This page is in progress
Important Dates and What to Hand In
Teams should consist of 1-3 people. In addition, if you have a project in mind, please indicate briefly (1–2 sentences) what you are thinking. We have included a list of possible projects at the end of this document although you are not required to choose from these.
- In class, please hand in one sheet of paper per team.
- If you do not have a team, simply turn in a sheet with your name and we will match you up.
Your reserach prospectus will contain an overview of the research problem, your hypothesis1, first pass at related work, a description of how you plan to complete the project, and metrics to decide if it worked. A good prospectus is basically the skeleton of the full report.
Your prospectus should follow the example:
It is highly recommended that you come to office hours to discuss project ideas before writing the prospectus.
1This is science after all.
- Rename the filename of your prospectus to the following format, last names should be in alphabetical order.

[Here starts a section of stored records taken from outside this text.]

(* Let $p\in(0,1)$ be fixed, let $C$ be a positive integer, and let $\mathcal{E}\subset[n]^2$ be such that, for every $i\in[n]$, $$ \left|\{j\in[n]:(i,j)\in\mathcal{E}\}\right|\leqslant C,\qquad \left|\{j\in[n]:(j,i)\in\mathcal{E}\}\right|\leqslant C. $$ Then the probability that there exists a perfect matching in $G(n,n,p)$ containing no edge from $\mathcal{E}$ is $1-e^{-\Omega(n)}$.
   Context: $G(n,n,p)$ is the random bipartite graph obtained from the complete bipartite graph $K_{n,n}$, whose two parts are each identified with $[n]$, by keeping each edge independently with probability $p$; a pair $(i,j)\in[n]^2$ is identified with the edge between vertex $i$ of the first part and vertex $j$ of the second part. $\Omega(n)$ refers to $n\to\infty$ with $p$ and $C$ fixed. *)

From mathcomp Require Import all_boot all_order all_fingroup all_algebra.
From mathcomp Require Import reals sequences exp.
Set Implicit Arguments. Unset Strict Implicit. Unset Printing Implicit Defensive.
Import Order.TTheory GRing.Theory Num.Theory.
Local Open Scope ring_scope.

(* A bipartite graph on parts [n] x [n] = set of pairs (i,j): edge between
   vertex i of the first part and vertex j of the second part. *)
Definition bgraph (n : nat) := {set 'I_n * 'I_n}.

(* Probability of the outcome G under G(n,n,p): each of the n^2 edges
   kept independently with probability p. *)
Definition Gnnp_weight (R : realType) (p : R) (n : nat) (G : bgraph n) : R :=
  p ^+ #|G| * (1 - p) ^+ (n * n - #|G|)%N.

Definition Gnnp_prob (R : realType) (p : R) (n : nat) (A : pred (bgraph n)) : R :=
  \sum_(G : bgraph n | A G) Gnnp_weight p G.

Definition has_pm_avoiding (n : nat) (E : bgraph n) (G : bgraph n) : bool :=
  [exists s : {perm 'I_n}, [forall i, ((i, s i) \in G) && ((i, s i) \notin E)]].

Definition deg_bounded (n C : nat) (E : bgraph n) : Prop :=
  forall i : 'I_n,
    (#|[set j : 'I_n | (i, j) \in E]| <= C)%N /\
    (#|[set j : 'I_n | (j, i) \in E]| <= C)%N.

From mathcomp Require Import all_boot all_order all_fingroup all_algebra.
From mathcomp Require Import reals sequences exp zify ring lra.
Import Order.TTheory GRing.Theory Num.Theory.
Set Implicit Arguments. Unset Strict Implicit. Unset Printing Implicit Defensive.

(* Call an edge (i, j) allowed if it is in G but not in E.  If every row and
   every column has at least d allowed neighbours and any d rows and d columns
   are joined by an allowed edge, there is an allowed perfect matching: take a
   permutation s matching the most rows; for an unmatched row u, the d rows
   s^-1(N(u)) and the d columns s(N^-1(s u)) are joined by an allowed edge
   (x, s y), and the rotation u -> s x, x -> s y, y -> s u matches more rows.
   Hence if G has no such matching, G is disjoint from one of the following
   edge sets: for a vertex u and a set U of size < d containing its allowed
   neighbours, the pairs from u to the outside of U that are not in E (at least
   n - |U| - C of them); or, for two d-sets S and T, the pairs of S x T that
   are not in E (at least d (d - C) of them).  With d = n / K, a union
   bound over these events gives a failure probability at most
   2 n (1-p)^-C ((1-p)(1+a)^2)^n + (4 (1-p)^M)^n, which is exponentially small
   for a small and K, M large. *)

Section PermutationExpansion.
Variables (T : finType) (H : rel T).

Definition matched (s : {perm T}) := [set i | H i (s i)].

Lemma matched_rotate (s : {perm T}) (u x y : T) :
  ~~ H u (s u) -> H u (s x) -> H x (s y) -> H y (s u) ->
  exists s' : {perm T}, #|matched s| < #|matched s'|.
Proof.
move=> Hu Hux Hxy Hyu.
have ux : u != x by apply: contraNneq Hu => eq_ux; rewrite {2}eq_ux.
have uy : u != y by apply: contraNneq Hu => eq_uy; rewrite {1}eq_uy.
(* [i |-> s (tau i)] maps u to s x, x to s y and y to s u. *)
pose tau := (tperm x y * tperm u x)%g.
have tauE i : i \notin [:: u; x; y] -> tau i = i.
  by rewrite !inE => /norP [iu /norP [ix iy]]; rewrite permM !tpermD // eq_sym.
have tau_matched i : i \in [:: u; x; y] -> H i (s (tau i)).
  rewrite !inE permM => /or3P [] /eqP ->.
  - by rewrite [tperm x y u]tpermD 1?eq_sym // tpermL.
  - have [eq_xy|xy] := eqVneq x y; first by rewrite -eq_xy !tpermR eq_xy.
    by rewrite tpermL [tperm u x y]tpermD // eq_sym.
  - by rewrite tpermR tpermR.
exists (tau * s)%g; apply: proper_card; apply/properP; split.
  apply/subsetP => i; rewrite !inE permM.
  by have [/tau_matched //|/tauE ->] := boolP (i \in [:: u; x; y]).
by exists u; rewrite inE // permM tau_matched ?mem_head.
Qed.

Lemma perm_of_expansion (d : nat) :
  (forall u, d <= #|[set v | H u v]|) -> (forall v, d <= #|[set u | H u v]|) ->
  (forall A B : {set T}, d <= #|A| -> d <= #|B| ->
     exists a b, [/\ a \in A, b \in B & H a b]) ->
  exists s : {perm T}, forall i, H i (s i).
Proof.
move=> row_deg col_deg rect.
have [s _ s_max] := @arg_maxnP _ 1%g xpredT (fun s => #|matched s|) isT.
exists s => u; apply/negPn/negP => Hu.
have [||_ [_ [/imsetP [j + ->] /imsetP [y + ->] Hab]]] :=
  rect ((s^-1)%g @: [set v | H u v]) (s @: [set w | H w (s u)]).
- by rewrite card_imset //; apply: perm_inj.
- by rewrite card_imset //; apply: perm_inj.
rewrite !inE -{1}(permKV s j) => Huj Hyu.
have [s' lt_s] := matched_rotate Hu Huj Hab Hyu.
by have := leq_trans lt_s (s_max s' isT); rewrite ltnn.
Qed.

End PermutationExpansion.

Lemma card_setX_rows (T1 T2 : finType) (A : {set T1 * T2}) :
  #|A| = \sum_i #|[set j | (i, j) \in A]|.
Proof.
pose inA i j := if (i, j) \in A then 1 else 0.
rewrite -sum1_card big_mkcond /= (eq_bigr (fun e => inA e.1 e.2)) => [|[] //].
rewrite -(pair_bigA _ inA) /=.
apply: eq_bigr => i _; rewrite -sum1_card [RHS]big_mkcond.
by apply: eq_bigr => j _; rewrite inE.
Qed.

Lemma leq_card_setD (T : finType) (A B : {set T}) : #|A| - #|B| <= #|A :\: B|.
Proof. by rewrite cardsD leq_sub2l // subset_leq_card // subsetIr. Qed.

Section Obstructions.
Variables (n : nat) (E : bgraph n).

Definition allowed (G : bgraph n) : rel 'I_n :=
  fun i j => ((i, j) \in G) && ((i, j) \notin E).

Definition row_obstruction (u : 'I_n) (U : {set 'I_n}) : bgraph n :=
  [set (u, j) | j in ~: U :\: [set j | (u, j) \in E]].

Definition col_obstruction (v : 'I_n) (U : {set 'I_n}) : bgraph n :=
  [set (i, v) | i in ~: U :\: [set i | (i, v) \in E]].

Definition rect_obstruction (S T : {set 'I_n}) : bgraph n := setX S T :\: E.

Definition obstruction_index :=
  (('I_n * {set 'I_n}) + ('I_n * {set 'I_n}) + ({set 'I_n} * {set 'I_n}))%type.

Definition obstruction (k : obstruction_index) : bgraph n :=
  match k with
  | inl (inl x) => row_obstruction x.1 x.2
  | inl (inr x) => col_obstruction x.1 x.2
  | inr x => rect_obstruction x.1 x.2
  end.

Definition obstruction_admissible (d : nat) (k : obstruction_index) : bool :=
  match k with
  | inl (inl x) | inl (inr x) => #|x.2| < d
  | inr x => (d <= #|x.1|) && (d <= #|x.2|)
  end.

Lemma disjoint_row_obstruction (G : bgraph n) (u : 'I_n) :
  [disjoint G & row_obstruction u [set j | allowed G u j]].
Proof.
rewrite disjoint_sym disjoints_subset; apply/subsetP => _ /imsetP [j + ->].
rewrite !inE => /andP [ujE not_allowed]; apply: contra not_allowed => ujG.
by rewrite /allowed ujG ujE.
Qed.

Lemma disjoint_col_obstruction (G : bgraph n) (v : 'I_n) :
  [disjoint G & col_obstruction v [set i | allowed G i v]].
Proof.
rewrite disjoint_sym disjoints_subset; apply/subsetP => _ /imsetP [i + ->].
rewrite !inE => /andP [ivE not_allowed]; apply: contra not_allowed => ivG.
by rewrite /allowed ivG ivE.
Qed.

Lemma disjoint_rect_obstruction (G : bgraph n) (S T : {set 'I_n}) :
  [forall a in S, forall b in T, ~~ allowed G a b] ->
  [disjoint G & rect_obstruction S T].
Proof.
move=> /forall_inP no_edge; rewrite disjoint_sym disjoints_subset.
apply/subsetP => -[a b]; rewrite !inE /= => /andP [abE /andP [aS bT]].
by have /forall_inP/(_ b bT) := no_edge a aS; rewrite /allowed abE andbT.
Qed.

Lemma no_pm_obstruction (d : nat) (G : bgraph n) :
  ~~ has_pm_avoiding E G ->
  exists2 k, obstruction_admissible d k & [disjoint G & obstruction k].
Proof.
move=> no_pm.
case: (pickP (fun u => #|[set j | allowed G u j]| < d)) => [u small_u | row_deg].
  exists (inl (inl (u, [set j | allowed G u j]))) => //.
  exact: disjoint_row_obstruction.
case: (pickP (fun v => #|[set i | allowed G i v]| < d)) => [v small_v | col_deg].
  exists (inl (inr (v, [set i | allowed G i v]))) => //.
  exact: disjoint_col_obstruction.
case: (pickP (fun x : {set 'I_n} * {set 'I_n} => [&& d <= #|x.1|, d <= #|x.2| &
    [forall a in x.1, forall b in x.2, ~~ allowed G a b]])) => [[S T] | no_rect].
  case/and3P=> dS dT no_edge; exists (inr (S, T)); first by rewrite /= dS.
  exact: disjoint_rect_obstruction.
have rect (A B : {set 'I_n}) : d <= #|A| -> d <= #|B| ->
    exists a b, [/\ a \in A, b \in B & allowed G a b].
  move=> dA dB; move/negbT: (no_rect (A, B)); rewrite /= dA dB /= negb_forall_in.
  case/exists_inP => a aA; rewrite negb_forall_in => /exists_inP [b bB].
  by rewrite negbK => ab; exists a, b.
have row (u : 'I_n) : d <= #|[set j | allowed G u j]| by rewrite leqNgt row_deg.
have col (v : 'I_n) : d <= #|[set i | allowed G i v]| by rewrite leqNgt col_deg.
have [s Hs] := perm_of_expansion row col rect.
by case/negP: no_pm; apply/existsP; exists s; apply/forallP.
Qed.

Variable C : nat.
Hypothesis E_deg : deg_bounded C E.

Lemma card_setC_ord (U : {set 'I_n}) : #|~: U| = n - #|U|.
Proof. by rewrite cardsCs setCK card_ord. Qed.

Lemma card_row_obstruction (u : 'I_n) (U : {set 'I_n}) :
  n - #|U| - C <= #|row_obstruction u U|.
Proof.
rewrite card_imset => [|j j' [] //]; apply: leq_trans (leq_card_setD _ _).
by rewrite card_setC_ord leq_sub2l //; case: (E_deg u).
Qed.

Lemma card_col_obstruction (v : 'I_n) (U : {set 'I_n}) :
  n - #|U| - C <= #|col_obstruction v U|.
Proof.
rewrite card_imset => [|i i' [] //]; apply: leq_trans (leq_card_setD _ _).
by rewrite card_setC_ord leq_sub2l //; case: (E_deg v).
Qed.

Lemma card_rect_obstruction (S T : {set 'I_n}) :
  #|S| * (#|T| - C) <= #|rect_obstruction S T|.
Proof.
rewrite card_setX_rows (bigID (mem S)) /= -sum_nat_const.
apply: leq_trans (leq_addr _ _); apply: leq_sum => i iS.
have -> : [set j | (i, j) \in rect_obstruction S T] = T :\: [set j | (i, j) \in E].
  by apply/setP => j; rewrite !inE iS andbC.
by apply: leq_trans (leq_card_setD _ _); rewrite leq_sub2l //; case: (E_deg i).
Qed.

End Obstructions.

Local Open Scope ring_scope.

Section SubsetSums.
Variables (R : comPzRingType) (T : finType).

Lemma sum_set_prod (f : T -> bool -> R) :
  \sum_(A : {set T}) \prod_t f t (t \in A) = \prod_t (f t true + f t false).
Proof.
rewrite [RHS](eq_bigr (fun t => \sum_(b : bool) f t b)) => [|t _]; last first.
  by rewrite big_bool.
rewrite bigA_distr_bigA (reindex (fun g : {ffun T -> bool} => [set t | g t])) /=.
  by apply: eq_bigr => g _; apply: eq_bigr => t _; rewrite inE.
exists (fun A : {set T} => [ffun t => t \in A]) => [g _ | A _].
  by apply/ffunP => t; rewrite ffunE inE.
by apply/setP => t; rewrite inE ffunE.
Qed.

- Upload the file by 2/8 11:59PM EST
The midpoint review will be an in-class exercise where teams will present and receive feedback/suggestions in a “speed-dating” style session. Details will be released closer to the session.
Your team will prepare and present a project poster at the end-of-course poster session. This gives you an opportunity to present a short demo of your work and show what you have accomplished in the class!
- Simply attend and present at the poster session.
You will prepare a conference-style report on your project with maximum length of 15 pages (10 pt font or larger, one or two columns, 1 inch margins, single or double spaced – more is not better.) Your report should expand upon your prospectus and introduce and motivate the problem your project addresses, describe related work in the area, discuss the elements of your solution, and present results that measure the behavior, performance, or functionality of your system (with comparisons to other related systems as appropriate.)
Because this report is the primary deliverable upon which you will be graded, do not treat it as an afterthought. Plan to leave at least a week to do the writing, and make sure your proofread and edit carefully!
- Rename the filename of your report to the following format, last names should be in alphabetical order.
- Upload the file by 11:59PM EST
What is Expected
Good class projects can vary dramatically in complexity, scope, and topic. The only requirement is that they be related to something we have studied in this class and that they contain some element of research – e.g., that you do more than simply engineer a piece of software that someone else has described or architected. To help you determine if your idea is of reasonable scope, we will arrange to meet with each group several times throughout the semester.
The following are examples of possible projects – they are by no means a complete list and you are free to select your own projects. In general, projects can be of three varieties:
- Research project: model an unsolved problem, propose algorithmic solution, evaluate and report findings.
- Win: pick an existing useful application and a well-recognized metric (latency, prediction, etc) and win against the state of the art.
- Break and fix: implement a state of the art algorithm on real data, show that it doesn’t actually work (results are poor, it’s slow, etc), make it work.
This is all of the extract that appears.